I would think, now that company's Technosphere pulmonary drug delivery technology is proving itself and becoming more valuable, that MannKind will no longer give up 100% of its assets as security for non-dilutive funding (assuming the Deerfield debt is first satisfied) and will selectively choose which assets will be used as security.
For example, if MannKind were to secure financing to fund development of more API, then the rights to the new drugs would serve as collateral but NOT the intellectual property underlying its technology.
With only $23 million principle remaining on the Deerfield Notes (Tranches 1, 4 and B) it's entirely possible for a venture capitalist, investment firm or pharmaceutical company to buy into MannKind, pay off the Deerfield debt and secure intellectual rights to drugs (commercial or development) which it believes have potential to become big revenue-generators.

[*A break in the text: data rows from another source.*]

Lemma cost_xbar_le k :
  Acoef k * lp_cost (xbar_at k) <= \sum_(m < k.+1) acoef m * reg_cost (xhat_at m).
Proof.
elim: k => [|k IH].
  rewrite big_ord1 -Acoef0 /lp_cost (eq_bigr _ (fun j _ => xbar0 j)).
  by rewrite ler_wpM2l ?(ltW (Acoef_gt0 0)) ?reg_cost_ge // => j; apply: xhat_ge0.
have -> : lp_cost (xbar_at k.+1) = lp_cost (fun j =>
    Acoef k / Acoef k.+1 * xbar_at k j + acoef k.+1 / Acoef k.+1 * xhat_at k.+1 j).
  by apply: eq_bigr => j _; rewrite xbarS weight_oldE weight_newE.
have cancel (c x : R) : Acoef k.+1 * (c / Acoef k.+1 * x) = c * x.
  by field; rewrite gt_eqF ?Acoef_gt0.
rewrite lp_cost_lin mulrDr !cancel big_ord_recr /=.
by rewrite lerD // ler_wpM2l ?(ltW (acoef_gt0 _)) ?reg_cost_ge // => j; apply: xhat_ge0.
Qed.

Lemma xbar_violation_le k y : in01 y -> (forall i, 1 <= nsum e y i) ->
  lp_cost (xbar_at k) + Acoef k * alpha / 2 * \sum_i pos (1 - nsum e (xbar_at k) i) ^+ 2
  <= reg_cost y.
Proof.
move=> y01 y1; have A0 := Acoef_gt0 k; have a0 := alpha_gt0 e delta_gt0.
pose v i := pos (1 - nsum e (xbar_at k) i).
pose l i := Acoef k * alpha * v i.
have l0 i : 0 <= l i by apply: mulr_ge0; [apply: mulr_ge0; apply: ltW | apply: pos_ge0].
have bound : estimate k l <= Acoef k * reg_cost y.
  apply: le_trans (estimate_le k l0) _; rewrite ler_wpM2l ?(ltW A0) //.
  apply: le_trans (dual_le_lagr e_sym delta_gt0 _ y01) _.
  by rewrite lagr_le_reg_cost // => i; apply: pstep_ge0.
rewrite -(ler_pM2l A0) mulrDr; apply: le_trans bound; rewrite /estimate.
apply: lerD; first exact: cost_xbar_le.
rewrite !mulr_sumr le_eqVlt; apply/orP; left; apply/eqP; apply: eq_bigr => i _.
rewrite z_atE /l -/(v i).
have -> : Acoef k * alpha * v i * (Acoef k * (1 - nsum e (xbar_at k) i))
        = Acoef k * Acoef k * alpha * (v i * (1 - nsum e (xbar_at k) i)) by ring.
by rewrite pos_mulr -/(v i); field; rewrite gt_eqF.
Qed.

Lemma cost_alg_x_le k y : in01 y -> (forall i, 1 <= nsum e y i) ->
  lp_cost (alg_x e delta alpha k) <= reg_cost y + N%:R / (2 * (Acoef k * alpha)).
Proof.
move=> y01 y1; have A0 := Acoef_gt0 k; have a0 := alpha_gt0 e delta_gt0.
set s := Acoef k * alpha / 2; have s0 : 0 < s by apply: divr_gt0; [apply: mulr_gt0 | ].
have repair : \sum_i pos (1 - nsum e (xbar_at k) i)
    <= s * \sum_i pos (1 - nsum e (xbar_at k) i) ^+ 2 + N%:R / (2 * (Acoef k * alpha)).
  rewrite (_ : N%:R / _ = \sum_(i < N) (4 * s)^-1); last first.
    by rewrite sumr_const card_ord -mulr_natl /s; field; rewrite !gt_eqF.
  rewrite mulr_sumr -big_split; apply: ler_sum => i _.
  have := mulr_le_young (pos (1 - nsum e (xbar_at k) i)) 1 (mulr_gt0 (ltr0n _ 2) s0).
  rewrite mulr1 expr1n => /le_trans; apply; rewrite /= (_ : 2 * s / 2 = s); last by field.
  by rewrite (_ : 1 / (2 * (2 * s)) = (4 * s)^-1) //; field; rewrite gt_eqF.
have := xbar_violation_le k y01 y1; rewrite -/s.
have -> : lp_cost (alg_x e delta alpha k)
        = lp_cost (xbar_at k) + \sum_i pos (1 - nsum e (xbar_at k) i).
  by rewrite /lp_cost -big_split.
by lra.
Qed.

End Algorithm.

Lemma reg_cost_proj01_le (R : realFieldType) N (delta : R) (x : 'I_N -> R) :
  0 < delta -> (forall i, 0 <= x i) ->
  reg_cost delta (fun i => proj01 (x i)) <= (1 + delta / 2) * lp_cost x.
Proof.
move=> delta_gt0 x0; rewrite /reg_cost /lp_cost mulr_sumr; apply: ler_sum => i _.
have /andP[y0 y1] := proj01_in01 (x i); have yx := proj01_le (x0 i).
have y2 : proj01 (x i) ^+ 2 <= x i by rewrite expr2 (le_trans _ yx) // ler_piMr.
have : delta / 2 * proj01 (x i) ^+ 2 <= delta / 2 * x i by apply: ler_wpM2l y2; rewrite divr_ge0 // ltW.
by lra.
Qed.

Lemma rel_gap_le (R : realFieldType) (c n x d D K : R) :
  0 < d -> 1 <= D -> 1 <= K -> 0 <= c -> n <= D * c ->
  x <= (1 + d / 2) * c + n * (4 * D ^+ 2) / (K * (K + 1) * d) ->
  (x - c) / c <= 32 * D ^+ 3 * (1 + d^-1) / K ^+ 2 + d / 2.
Proof.
move=> d0 D1 K1 c0 nc xc.
have D0 : 0 < D by lra.
have K0 : 0 < K by lra.
set P := D ^+ 3 / K ^+ 2.
have P0 : 0 <= P by rewrite divr_ge0 ?exprn_ge0 ?ltW.
have rhsE : 32 * D ^+ 3 * (1 + d^-1) / K ^+ 2 = P * (32 * (1 + d^-1)).
  by rewrite /P; field; rewrite !gt_eqF.
have [->|cn0] := eqVneq c 0.
  (* the relative gap is [_ / 0 = 0] *)
  have di : 0 <= d^-1 by rewrite invr_ge0 ltW.
  rewrite invr0 mulr0 rhsE; apply: addr_ge0; first apply: mulr_ge0 => //; lra.
have c_gt0 : 0 < c by rewrite lt_def cn0.
have KKd : 0 < K * (K + 1) * d by apply: mulr_gt0 => //; apply: mulr_gt0; lra.
have gapB : n * (4 * D ^+ 2) / (K * (K + 1) * d) <= P * (4 * K / ((K + 1) * d)) * c.
  rewrite (_ : _ * c = D * c * (4 * D ^+ 2) / (K * (K + 1) * d)); last first.
    by rewrite /P; field; rewrite !gt_eqF //; lra.
  apply: ler_wpM2r; first by rewrite invr_ge0 ltW.
  by apply: ler_wpM2r nc; rewrite mulr_ge0 // exprn_ge0 // ltW.
have factor : 4 * K / ((K + 1) * d) <= 32 * (1 + d^-1).
  rewrite (_ : 4 * K / ((K + 1) * d) = 4 * d^-1 - 4 / ((K + 1) * d)); last first.
    by field; rewrite !gt_eqF //; lra.
  have : 0 <= 4 / ((K + 1) * d) by rewrite divr_ge0 ?mulr_ge0 ?ltW //; lra.
  have : 0 <= d^-1 by rewrite invr_ge0 ltW.
  by lra.
have := ler_wpM2r (ltW c_gt0) (ler_wpM2l P0 factor).
rewrite rhsE ler_pdivrMr // mulrDl.
move=> ?; lra.
Qed.
Lemma RInt_sinh :
  RInt (fun x => sinh (xi * (x - a))) a b = (cosh (xi * (b - a)) - 1) / xi :> R.
Proof.
  assert (Ha := exp_pos (xi * a)). assert (Hb := exp_pos (xi * b)).
  rewrite (RInt_ext_eq _ (fun x => (exp (xi * x) / exp (xi * a) - exp (xi * a) / exp (xi * x)) / 2))
    by (intros; apply sinh_affine_exp).
  rewrite (RInt_antiderivative
             (fun x => (exp (xi * x) / (xi * exp (xi * a)) + exp (xi * a) / (xi * exp (xi * x))) / 2)).
  - rewrite cosh_affine_exp. field. pos_denominators.
  - intros x. assert (Hx := exp_pos (xi * x)). auto_derive; [pos_denominators|]. field. pos_denominators.
  - intros x. assert (Hx := exp_pos (xi * x)). auto_derive. pos_denominators.
Qed.

Lemma RInt_sinh_sq :
  RInt (fun x => sinh (xi * (x - a)) * sinh (xi * (x - a))) a b
  = (sinh (xi * (b - a)) * cosh (xi * (b - a)) / xi - (b - a)) / 2 :> R.
Proof.
  assert (Ha := exp_pos (xi * a)). assert (Hb := exp_pos (xi * b)).
  rewrite (RInt_ext_eq _ (fun x => ((exp (xi * x) / exp (xi * a) - exp (xi * a) / exp (xi * x)) / 2)
                               * ((exp (xi * x) / exp (xi * a) - exp (xi * a) / exp (xi * x)) / 2)))
    by (intros; rewrite sinh_affine_exp; reflexivity).
  rewrite (RInt_antiderivative
             (fun x => (exp (xi * x) ^ 2 / (2 * xi * exp (xi * a) ^ 2) - 2 * x
                        - exp (xi * a) ^ 2 / (2 * xi * exp (xi * x) ^ 2)) / 4)).
  - rewrite sinh_affine_exp, cosh_affine_exp. field. pos_denominators.
  - intros x. assert (Hx := exp_pos (xi * x)). auto_derive; [pos_denominators|]. field. pos_denominators.
  - intros x. assert (Hx := exp_pos (xi * x)). auto_derive. pos_denominators.
Qed.

Lemma RInt_sinh_reflected_product :
  RInt (fun x => sinh (xi * (x - a)) * sinh (xi * (b - x))) a b
  = ((b - a) * cosh (xi * (b - a)) - sinh (xi * (b - a)) / xi) / 2 :> R.
Proof.
  assert (Ha := exp_pos (xi * a)). assert (Hb := exp_pos (xi * b)).
  rewrite (RInt_ext_eq _ (fun x => ((exp (xi * x) / exp (xi * a) - exp (xi * a) / exp (xi * x)) / 2)
                               * ((exp (xi * b) / exp (xi * x) - exp (xi * x) / exp (xi * b)) / 2)))
    by (intros; rewrite !sinh_affine_exp; reflexivity).
  rewrite (RInt_antiderivative
             (fun x => ((exp (xi * b) / exp (xi * a) + exp (xi * a) / exp (xi * b)) * x
                        - exp (xi * x) ^ 2 / (2 * xi * exp (xi * a) * exp (xi * b))
                        + exp (xi * a) * exp (xi * b) / (2 * xi * exp (xi * x) ^ 2)) / 4)).
  - rewrite sinh_affine_exp, cosh_affine_exp. field. pos_denominators.
  - intros x. assert (Hx := exp_pos (xi * x)). auto_derive; [pos_denominators|]. field. pos_denominators.
  - intros x. assert (Hx := exp_pos (xi * x)). auto_derive. pos_denominators.
Qed.
(* Let $\alpha\in(0,1]$. For every $j\ge0$, $n\ge1$, every complex number $z$ and every function $g:\mathcal X_j\to\mathbb C$ with $\|g\|_{\alpha,\xi_j}\le1$, $$\|L_{j,z}^ng-L_j^ng\|_{\alpha,\xi_{j+n}}\le |z|e^{|\mathrm{Re}(z)|\|S_{j,n}f\|_\infty}\|L_j^n\mathbf 1\|_\infty\Big((1+\Gamma_{j,n}^\alpha+2Q_{j,n}(\phi))\|S_{j,n}f\|_\infty+Q_{j,n}(f)\Big)=:R_{j,n}(z).$$ Consequently, $$\|L_{j,z}^n-L_j^n\|_\alpha\le 3\xi_{j+n}^{-1}R_{j,n}(z),$$ where $\|\cdot\|_\alpha$ here denotes the operator norm with respect to the $\alpha$-Hölder norms $\|\cdot\|_\alpha$ on $\mathcal X_j$ and $\mathcal X_{j+n}$.
   Context: $(\mathcal X_j,\rho_j)_{j\ge0}$ are metric spaces with $\mathrm{diam}(\mathcal X_j)\le1$ and $T_j:\mathcal X_j\to\mathcal X_{j+1}$ are maps. There are sequences $\gamma_j\ge1$ and $\xi_j\in(0,1]$ such that for all $j$ and all $x,x'\in\mathcal X_{j+1}$ with $\rho_{j+1}(x,x')\le\xi_{j+1}$ one can write $T_j^{-1}\{x\}=\{y_{j,1},\dots,y_{j,d_j}\}$, $T_j^{-1}\{x'\}=\{y'_{j,1},\dots,y'_{j,d_j}\}$ (with $d_j=d_j(x)$) so that $\rho_j(y_{j,k},y'_{j,k})\le\min(\gamma_j^{-1}\rho_{j+1}(x,x'),\xi_j)$ for every $k$. $T_j^n=T_{j+n-1}\circ\cdots\circ T_j$. For $0<r\le1$ and $g$ on $\mathcal X_j$: $v_{\alpha,r}(g)=\sup\{|g(x)-g(x')|/\rho_j(x,x')^\alpha: 0<\rho_j(x,x')\le r\}$, $\|g\|_{\alpha,r}=\|g\|_\infty+v_{\alpha,r}(g)$, $v_\alpha=v_{\alpha,1}$, $\|g\|_\alpha=\|g\|_{\alpha,1}$. $\phi_j,f_j:\mathcal X_j\to\mathbb R$ are functions with $\|\phi_j\|_\alpha<\infty$ (and $f_j$ Hölder). For $z\in\mathbb C$, $L_{j,z}g(x)=\sum_{y:T_jy=x}e^{\phi_j(y)+zf_j(y)}g(y)$, $L_{j,z}^n=L_{j+n-1,z}\circ\cdots\circ L_{j,z}$, $L_j=L_{j,0}$, $L_j^n=L_{j,0}^n$, $\mathbf 1$ the constant function $1$. $S_{j,n}f=\sum_{k=0}^{n-1}f_{j+k}\circ T_j^k$, $\Gamma_{j,n}=\prod_{s=j}^{j+n-1}\gamma_s^{-1}$, and for a sequence of functions $h=(h_j)$, $Q_{j,n}(h)=\sum_{k=0}^{n-1}v_{\alpha,\xi_{j+k}}(h_{j+k})\,(\Gamma_{j+k,n-k})^\alpha$. *)

From Stdlib Require Import Reals List Permutation.
From Coquelicot Require Import Coquelicot.
Open Scope R_scope.
Lemma max_ideal_ideal : is_ideal m.
Proof. by case: maxm. Qed.

Lemma max_ideal_not1 : ~ m 1.
Proof. by case: maxm. Qed.

Lemma max_ideal_prime (a b : R) : m (a * b) -> m a \/ m b.
Proof.
move=> mab; have [ma|nma] := classic (m a); [by left | right].
have [c [d [mc e1]]] : exists c d, m c /\ 1 = c + d * a.
  pose J r := exists c d, m c /\ r = c + d * a.
  have idealJ : is_ideal J.
    split.
    - by exists 0, 0; rewrite mul0r addr0; split; first exact: ideal_mem0 max_ideal_ideal.
    - move=> _ _ [c [d [mc ->]]] [c' [d' [mc' ->]]]; exists (c + c'), (d + d').
      by rewrite mulrDl addrACA; split; first exact: ideal_memD max_ideal_ideal _ _ mc mc'.
    - move=> r _ [c [d [mc ->]]]; exists (r * c), (r * d).
      by rewrite mulrDr mulrA; split; first exact: ideal_memMl max_ideal_ideal _ _ mc.
  case: maxm => _ _ /(_ J idealJ) [x mx | // | Jm].
    by exists x, 0; rewrite mul0r addr0.
  case: nma; apply: Jm; exists 0, 1; rewrite add0r mul1r.
  by split; first exact: ideal_mem0 max_ideal_ideal.
rewrite -[b]mul1r e1 mulrDl -mulrA; apply: (ideal_memD max_ideal_ideal).
  exact: (ideal_memMr max_ideal_ideal).
exact: (ideal_memMl max_ideal_ideal).
Qed.

End MaximalIdeal.

Definition principal (R : comNzRingType) (s x : R) := exists a, x = a * s.

Definition min_principal (R : comNzRingType) (s : R) :=
  s != 0 /\ forall r, r * s != 0 -> principal (r * s) s.

Lemma principal_ideal (R : comNzRingType) (s : R) : is_ideal (principal s).
Proof.
split.
- by exists 0; rewrite mul0r.
- by move=> _ _ [a ->] [b ->]; exists (a + b); rewrite mulrDl.
- by move=> c _ [a ->]; exists (c * a); rewrite mulrA.
Qed.

Lemma ann_min_principal_maximal (R : comNzRingType) (s : R) :
  min_principal s -> is_maximal_ideal (fun r => r * s = 0).
Proof.
move=> [s0 mins]; split.
- split; first by rewrite mul0r.
  + by move=> x y; rewrite mulrDl => -> ->; rewrite addr0.
  + by move=> c x; rewrite -mulrA => ->; rewrite mulr0.
- by rewrite mul1r; apply/eqP.
- move=> J idealJ annJ.
  have [[x [Jx /eqP xs0]] | noJ] := classic (exists x, J x /\ x * s <> 0).
    left; have [b eb] := mins x xs0.
    have J1bx : J (1 - b * x) by apply: annJ; rewrite mulrBl mul1r -mulrA -eb subrr.
    by rewrite -(subrK (b * x) 1); apply: ideal_memD idealJ _ _ J1bx (ideal_memMl idealJ _ Jx).
  by right => x Jx; apply: NNPP => xs0; apply: noJ; exists x.
Qed.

It's a company's assets which give it leverage in the financial markets. As long as Deerfield holds first right to all MannKind's asset, the CFO doesn't have the leverage needed to secure future funding at favorable terms.
It's quite possible that an announcement of an Agreement, where a 'white knight' steps forward to fund MannKind's future, could indeed cause a short squeeze, particularly if it were to provide MannKind with 2 years of runway for expanding commercialization of Afrezza and expanding development of more Techosphere API in its pipeline.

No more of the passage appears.